Yes, Virginia, There is a Racist Clause
Lawmakers in Virginia were shocked, shocked when state legislator Frank D. Hargrove, an elderly white dude, suggested recently that African Americans should “get over” the issue of slavery:
Hargrove, 79, said slavery ended nearly 140 years ago with the Civil War and added that “our black citizens should get over it … are we going to force the Jews to apologize for killing Christ?”
In response, the Virginia State Assembly then introduced the following piece of legislation:
“WHEREAS, there exist many areas in which our non-white citizens may improve their standing; THEREFORE BE IT RESOLVED that each ethnic group take the actions outlined for it below, in order to form a more perfect Virginia:
African-Americans: A) Get over this slavery thing; B) enough with the hippity-hoppity rap music and baggy clothes and whatnot; C) get that young Cosby feller to stop tempting our white women with his topical humor and stylish sweaters; and D) your names are “Toby.”

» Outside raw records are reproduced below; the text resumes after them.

(* Steps of a Delannoy path: E = (1,0), D = (1,1), N = (0,1). *)
Inductive step := E | D | N.

Definition step_to (s : step) : 'I_3 :=
  match s with E => inord 0 | D => inord 1 | N => inord 2 end.
Definition step_of (i : 'I_3) : step :=
  match val i with 0 => E | 1 => D | _ => N end.
Lemma step_toK : cancel step_to step_of.
Proof. by case; rewrite /step_to /step_of /= inordK. Qed.
HB.instance Definition _ := Finite.copy step (can_type step_toK).

(* A path with l steps is a word (l-tuple) over {E,D,N}. *)
Definition xcoord (w : seq step) : nat := count (fun s => s != N) w.
Definition ycoord (w : seq step) : nat := count (fun s => s != E) w.

Definition Del (m n l : nat) : {set l.-tuple step} :=
  [set W : l.-tuple step | (xcoord W == m) && (ycoord W == n)].

Definition goes_above (w : seq step) : bool :=
  [exists i : 'I_(size w).+1, xcoord (take i w) < ycoord (take i w)].

Definition BDel (n l : nat) : {set l.-tuple step} :=
  [set W in Del n n l | goes_above W].

(* A linear ordering of {E,D,N} is given by an injective rank function rk:
   a < b iff rk a < rk b.  maj(W) = sum of the (1-based) descent positions. *)
Definition maj (rk : step -> nat) (w : seq step) : nat :=
  \sum_(i < (size w).-1 | rk (nth E w i) > rk (nth E w i.+1)) i.+1.

(* Both sides are maj-generating functions of words with a prescribed letter
   content.  Write G(k,c) (resp. B(k,c)) for the generating function of the
   words (resp. the words going strictly above y = x) with k(s) letters s and
   last letter c.  Removing the last letter gives a linear recursion for G,
   and the same recursion for B as long as #N <= #E (the endpoint is then not
   above the diagonal).  The recursion yields MacMahon's closed form
     G(k,c) [k E]_q! [k D]_q! [k N]_q! = q^(#letters > c) [k c]_q [L-1]_q!
   (L the length), whence, when #E = #N, G(k,E) = q^[E<N] G(sh k,E), where
   sh k trades one N for one E.  An induction on the length then shows
   B(k,c) = q^[E<N] G(sh k,c) whenever 0 < #N <= #E: at each step either the
   recursion transfers the identity, or (balanced case) all shorter words go
   above the diagonal, or both sides vanish.  The content (l-n, 2n-l, l-n)
   describes Del(n,n,l) and its shift describes Del(n+1,n-1,l); summing over
   the last letter yields the theorem. *)

From mathcomp Require Import all_boot all_order all_algebra ring zify.
Import GRing.Theory Num.Theory.
Local Open Scope ring_scope.

Lemma eq_ED : (E == D) = false. Proof. by apply/eqP. Qed.
Lemma eq_EN : (E == N) = false. Proof. by apply/eqP. Qed.
Lemma eq_DE : (D == E) = false. Proof. by apply/eqP. Qed.
Lemma eq_DN : (D == N) = false. Proof. by apply/eqP. Qed.
Lemma eq_NE : (N == E) = false. Proof. by apply/eqP. Qed.
Lemma eq_ND : (N == D) = false. Proof. by apply/eqP. Qed.
Definition stepE := (eqxx, eq_ED, eq_EN, eq_DE, eq_DN, eq_NE, eq_ND).

Lemma xcoordE w : xcoord w = (count_mem E w + count_mem D w)%N.
Proof. by elim: w => //= s w ->; case: s; rewrite /= ?stepE /=; lia. Qed.

Lemma ycoordE w : ycoord w = (count_mem N w + count_mem D w)%N.
Proof. by elim: w => //= s w ->; case: s; rewrite /= ?stepE /=; lia. Qed.

Lemma size_countE w :
  size w = (count_mem E w + count_mem D w + count_mem N w)%N.
Proof. by elim: w => //= s w ->; case: s; rewrite /= ?stepE /=; lia. Qed.

(* The words of length n, listed by appending a last letter; sums over
   n.-tuples are sums over this list, which supports induction on n. *)
Definition steps : seq step := [:: E; D; N].

Fixpoint words n : seq (seq step) :=
  if n is n'.+1 then [seq rcons w c | w <- words n', c <- steps] else [:: [::]].

Lemma mem_words n w : (w \in words n) = (size w == n).
Proof.
elim: n w => [|n IH] w; first by rewrite inE; case: w.
apply/allpairsP/idP => [[[w' c] [+ _ ->]]|].
  by rewrite size_rcons eqSS -IH.
case/lastP: w => [//|w c]; rewrite size_rcons eqSS -IH => w_n.
by exists (w, c); split => //; case: c; rewrite !inE ?stepE ?orbT.
Qed.

Lemma uniq_words n : uniq (words n).
Proof.
elim: n => // n IH; apply: allpairs_uniq => //; first by rewrite /= !inE !stepE.
by move=> [a b] [c d] _ _ /= /rcons_inj [-> ->].
Qed.

Lemma sum_words_rcons (F : seq step -> {poly int}) n (P : pred (seq step)) :
  \sum_(w <- words n.+1 | P w) F w =
  \sum_(w <- words n) \sum_(c <- steps | P (rcons w c)) F (rcons w c).
Proof.
rewrite big_mkcond big_allpairs_dep; apply: eq_bigr => w _.
by rewrite [RHS]big_mkcond.
Qed.

Lemma sum_tuples_words l (P : pred (seq step)) (F : seq step -> {poly int}) :
  \sum_(W : l.-tuple step | P W) F W = \sum_(w <- words l | P w) F w.
Proof.
rewrite -[LHS](big_map val P F); apply: perm_big; apply: uniq_perm.
- by rewrite map_inj_uniq ?index_enum_uniq //; exact: val_inj.
- exact: uniq_words.
move=> w; rewrite mem_words; apply/mapP/idP => [[W _ ->]|w_l].
  by rewrite size_tuple.
by exists (Tuple w_l) => //; rewrite mem_index_enum.
Qed.

Lemma sum_split_last (s : seq (seq step)) (Q : pred (seq step))
    (G : seq step -> {poly int}) :
  \sum_(w <- s | Q w) G w =
  \sum_(c <- steps) \sum_(w <- s | Q w && (last E w == c)) G w.
Proof.
under [RHS]eq_bigr => c _ do rewrite big_mkcondr.
rewrite exchange_big /=; apply: eq_bigr => w _.
by rewrite !big_cons big_nil; case: (last E w); rewrite !stepE ?addr0 ?add0r.
Qed.

Lemma maj_rcons rk w c : maj rk (rcons w c) =
  (maj rk w + (if rk c < rk (last E w) then size w else 0))%N.
Proof.
rewrite /maj size_rcons /=.
case: w => [|a w]; first by rewrite !big_ord0; case: ifP.
rewrite [size _]/= big_mkcond big_ord_recr /= [X in (_ = X + _)%N]big_mkcond.
have nth_aw i : (i <= size w)%N ->
    nth E (a :: rcons w c) i = nth E (a :: w) i.
  by move=> i_w; rewrite -rcons_cons nth_rcons /= ltnS i_w.
congr (_ + _)%N.
  by apply: eq_bigr => i _; rewrite !nth_rcons ltn_ord !nth_aw // ltnW.
rewrite nth_rcons ltnn eqxx nth_aw //.
by have -> : nth E (a :: w) (size w) = last a w by rewrite nth_last.
Qed.

Definition content_is (k : step -> nat) (w : seq step) : bool :=
  [&& count_mem E w == k E, count_mem D w == k D & count_mem N w == k N].

Definition dec (k : step -> nat) (c : step) : step -> nat :=
  fun s => if s == c then (k s).-1 else k s.

Definition total (k : step -> nat) : nat := (k E + k D + k N)%N.

Lemma content_rcons k w c :
  content_is k (rcons w c) = (0 < k c)%N && content_is (dec k c) w.
Proof.
rewrite /content_is /dec -cats1 !count_cat /=.
case: c; rewrite !stepE /= !addn0.
- by case: (k E) => [|m]; rewrite addn1 ?eqSS //= andbF.
- by case: (k D) => [|m]; rewrite addn1 ?eqSS //= andbF.
- by case: (k N) => [|m]; rewrite addn1 ?eqSS //= !andbF.
Qed.

Lemma total_dec k c : (0 < k c)%N -> total (dec k c) = (total k).-1.
Proof. by case: c; rewrite /total /dec !stepE; lia. Qed.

Jews: Apologize for A) killing Christ; B) controlling the world’s finances and therefore being directly responsible for Uncle Ed’s Camaro getting repo’d; C) taking days off for crazy made-up holidays like “Yom Kippur” and “Hooray, We Killed Christ” Day; and D) brainwashing that fine white American Michael Richards into believing he’s one of you.
Mexicans: Sleeping under cacti shall henceforth be prohibited. Also you make too much money.
Gypsies: Stop sneaking into Grandma’s house and hiding her keys. She knows it was you!
Canadians: A) No more stealing sketch-comedy jobs from decent Americans; B) more effective anti-Sasquatch border patrols; and C) take some of our Mexicans. You can start with that hunky landscaper my wife is always staring at. Yeah, yeah, Puerto Rican, Mexican, whatever—you’re going to Toronto, Pancho. I said your name is “Pancho”!
Homosexuals: There is no such thing as a homosexual.
Yankee scum: Get that homosexual cocksucker Abe Lincoln off our money.”
The measure passed overwhelmingly, but the vote was later found to have been taken on “Hooray, We Killed Christ” Day.